Entries supplied =>
Lemma kernel_upd j om i x : (level j <= level i)%N -> j != i ->
  kernel j (upd om i x) (upd om i x j) = kernel j om (om j).
Proof.
move=> lji ji; rewrite ffunE (negbTE ji); apply: kernel_causal => k lk.
rewrite ffunE; case: eqP => [ek|//].
by move: (leq_trans lk lji); rewrite ek ltnn.
Qed.

Lemma partial_mass_peel (A : {set I}) om0 i : i \in A ->
  (forall j, j \in A -> level j <= level i)%N ->
  partial_mass A om0 = \sum_(om | agrees_off (A :\ i) om0 om)
                         (\sum_x kernel i om x) * \prod_(j in A :\ i) kernel j om (om j).
Proof.
move=> Ai imax; rewrite /partial_mass.
rewrite (partition_big (fun om : {ffun I -> D} => om i) predT) //=.
under eq_bigr => x _.
  rewrite (reindex_onto (fun om => upd om i x) (fun om => upd om i (om0 i))); last first.
    by move=> om /andP[_ /eqP <-]; rewrite upd_upd upd_id.
  rewrite (eq_bigl (agrees_off (A :\ i) om0)); last first.
    by move=> om; rewrite upd_same eqxx andbT upd_upd agrees_off_upd.
  under eq_bigr => om _.
    rewrite (bigD1 i) //= upd_same.
    rewrite (@kernel_causal i _ om); last first.
      by move=> j lj; rewrite ffunE; case: eqP => // ej; rewrite ej ltnn in lj.
    rewrite (eq_bigr (fun j => kernel j om (om j))); last first.
      by move=> j /andP[jA ji]; apply: kernel_upd => //; apply: imax.
    over.
  over.
rewrite /= exchange_big /=; apply: eq_bigr => om _; rewrite mulr_suml.
by apply: eq_bigr => x _; congr (_ * _); apply: eq_bigl => j; rewrite in_setD1 andbC.
Qed.

Lemma partial_mass_set0 om0 : partial_mass set0 om0 = 1.
Proof.
rewrite /partial_mass (eq_bigl (pred1 om0)) ?big_pred1_eq ?big_set0 // => om.
apply/forallP/eqP => [h|-> j]; last by rewrite eqxx implybT.
by apply/ffunP => j; apply/eqP; apply: (implyP (h j)); rewrite in_set0.
Qed.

Exercise requirements =>
Reproduce each line above without any alteration.

Exercise output =>
Lemma kernel_upd j om i x : (level j <= level i)%N -> j != i ->
  kernel j (upd om i x) (upd om i x j) = kernel j om (om j).
Proof.
move=> lji ji; rewrite ffunE (negbTE ji); apply: kernel_causal => k lk.
rewrite ffunE; case: eqP => [ek|//].
by move: (leq_trans lk lji); rewrite ek ltnn.
Qed.

Lemma partial_mass_peel (A : {set I}) om0 i : i \in A ->
  (forall j, j \in A -> level j <= level i)%N ->
  partial_mass A om0 = \sum_(om | agrees_off (A :\ i) om0 om)
                         (\sum_x kernel i om x) * \prod_(j in A :\ i) kernel j om (om j).
Proof.
move=> Ai imax; rewrite /partial_mass.
rewrite (partition_big (fun om : {ffun I -> D} => om i) predT) //=.
under eq_bigr => x _.
  rewrite (reindex_onto (fun om => upd om i x) (fun om => upd om i (om0 i))); last first.
    by move=> om /andP[_ /eqP <-]; rewrite upd_upd upd_id.
  rewrite (eq_bigl (agrees_off (A :\ i) om0)); last first.
    by move=> om; rewrite upd_same eqxx andbT upd_upd agrees_off_upd.
  under eq_bigr => om _.
    rewrite (bigD1 i) //= upd_same.
    rewrite (@kernel_causal i _ om); last first.
      by move=> j lj; rewrite ffunE; case: eqP => // ej; rewrite ej ltnn in lj.
    rewrite (eq_bigr (fun j => kernel j om (om j))); last first.
      by move=> j /andP[jA ji]; apply: kernel_upd => //; apply: imax.
    over.
  over.
rewrite /= exchange_big /=; apply: eq_bigr => om _; rewrite mulr_suml.
by apply: eq_bigr => x _; congr (_ * _); apply: eq_bigl => j; rewrite in_setD1 andbC.
Qed.

Lemma partial_mass_set0 om0 : partial_mass set0 om0 = 1.
Proof.
rewrite /partial_mass (eq_bigl (pred1 om0)) ?big_pred1_eq ?big_set0 // => om.
apply/forallP/eqP => [h|-> j]; last by rewrite eqxx implybT.
by apply/ffunP => j; apply/eqP; apply: (implyP (h j)); rewrite in_set0.
Qed.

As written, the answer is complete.